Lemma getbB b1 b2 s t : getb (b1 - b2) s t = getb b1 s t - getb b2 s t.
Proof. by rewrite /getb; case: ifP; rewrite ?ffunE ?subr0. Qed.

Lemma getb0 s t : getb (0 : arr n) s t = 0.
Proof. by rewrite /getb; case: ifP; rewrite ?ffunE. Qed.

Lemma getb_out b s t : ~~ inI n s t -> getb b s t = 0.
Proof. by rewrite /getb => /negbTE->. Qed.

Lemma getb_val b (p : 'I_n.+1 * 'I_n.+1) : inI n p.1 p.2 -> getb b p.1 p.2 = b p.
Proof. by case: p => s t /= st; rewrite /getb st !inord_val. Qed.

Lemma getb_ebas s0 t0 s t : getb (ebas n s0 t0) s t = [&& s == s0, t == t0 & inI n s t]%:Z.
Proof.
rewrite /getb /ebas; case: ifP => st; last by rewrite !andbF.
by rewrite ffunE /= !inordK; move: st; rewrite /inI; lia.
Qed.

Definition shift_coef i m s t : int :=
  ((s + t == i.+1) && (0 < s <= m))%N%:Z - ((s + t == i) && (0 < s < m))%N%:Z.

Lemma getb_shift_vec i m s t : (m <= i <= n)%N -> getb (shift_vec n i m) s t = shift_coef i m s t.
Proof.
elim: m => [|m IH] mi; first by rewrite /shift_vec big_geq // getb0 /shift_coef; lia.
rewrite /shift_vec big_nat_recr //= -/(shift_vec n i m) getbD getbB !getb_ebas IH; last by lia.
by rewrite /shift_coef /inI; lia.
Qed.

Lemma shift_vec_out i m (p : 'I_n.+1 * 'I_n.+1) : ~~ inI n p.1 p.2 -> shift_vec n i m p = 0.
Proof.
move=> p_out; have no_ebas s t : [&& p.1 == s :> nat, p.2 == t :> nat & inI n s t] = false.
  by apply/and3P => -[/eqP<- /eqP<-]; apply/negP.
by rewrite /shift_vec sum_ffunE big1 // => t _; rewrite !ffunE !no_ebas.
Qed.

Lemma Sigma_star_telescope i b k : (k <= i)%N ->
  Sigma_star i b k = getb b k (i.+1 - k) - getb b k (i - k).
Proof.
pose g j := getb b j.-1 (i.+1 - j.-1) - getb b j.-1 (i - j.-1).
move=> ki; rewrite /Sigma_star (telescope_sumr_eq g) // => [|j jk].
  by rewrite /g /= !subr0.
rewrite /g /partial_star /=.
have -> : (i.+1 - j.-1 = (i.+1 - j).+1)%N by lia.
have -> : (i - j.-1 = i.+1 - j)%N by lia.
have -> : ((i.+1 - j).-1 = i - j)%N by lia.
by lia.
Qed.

- - - - -

TASK INSTRUCTIONS: Only the lines from the one containing "by apply/and3P =>" to the end of the listing belong in the output, each reproduced exactly.

ANSWER SECTION:
  by apply/and3P => -[/eqP<- /eqP<-]; apply/negP.
by rewrite /shift_vec sum_ffunE big1 // => t _; rewrite !ffunE !no_ebas.
Qed.

Lemma Sigma_star_telescope i b k : (k <= i)%N ->
  Sigma_star i b k = getb b k (i.+1 - k) - getb b k (i - k).
Proof.
pose g j := getb b j.-1 (i.+1 - j.-1) - getb b j.-1 (i - j.-1).
move=> ki; rewrite /Sigma_star (telescope_sumr_eq g) // => [|j jk].
  by rewrite /g /= !subr0.
rewrite /g /partial_star /=.
have -> : (i.+1 - j.-1 = (i.+1 - j).+1)%N by lia.
have -> : (i - j.-1 = i.+1 - j)%N by lia.
have -> : ((i.+1 - j).-1 = i - j)%N by lia.
by lia.
Qed.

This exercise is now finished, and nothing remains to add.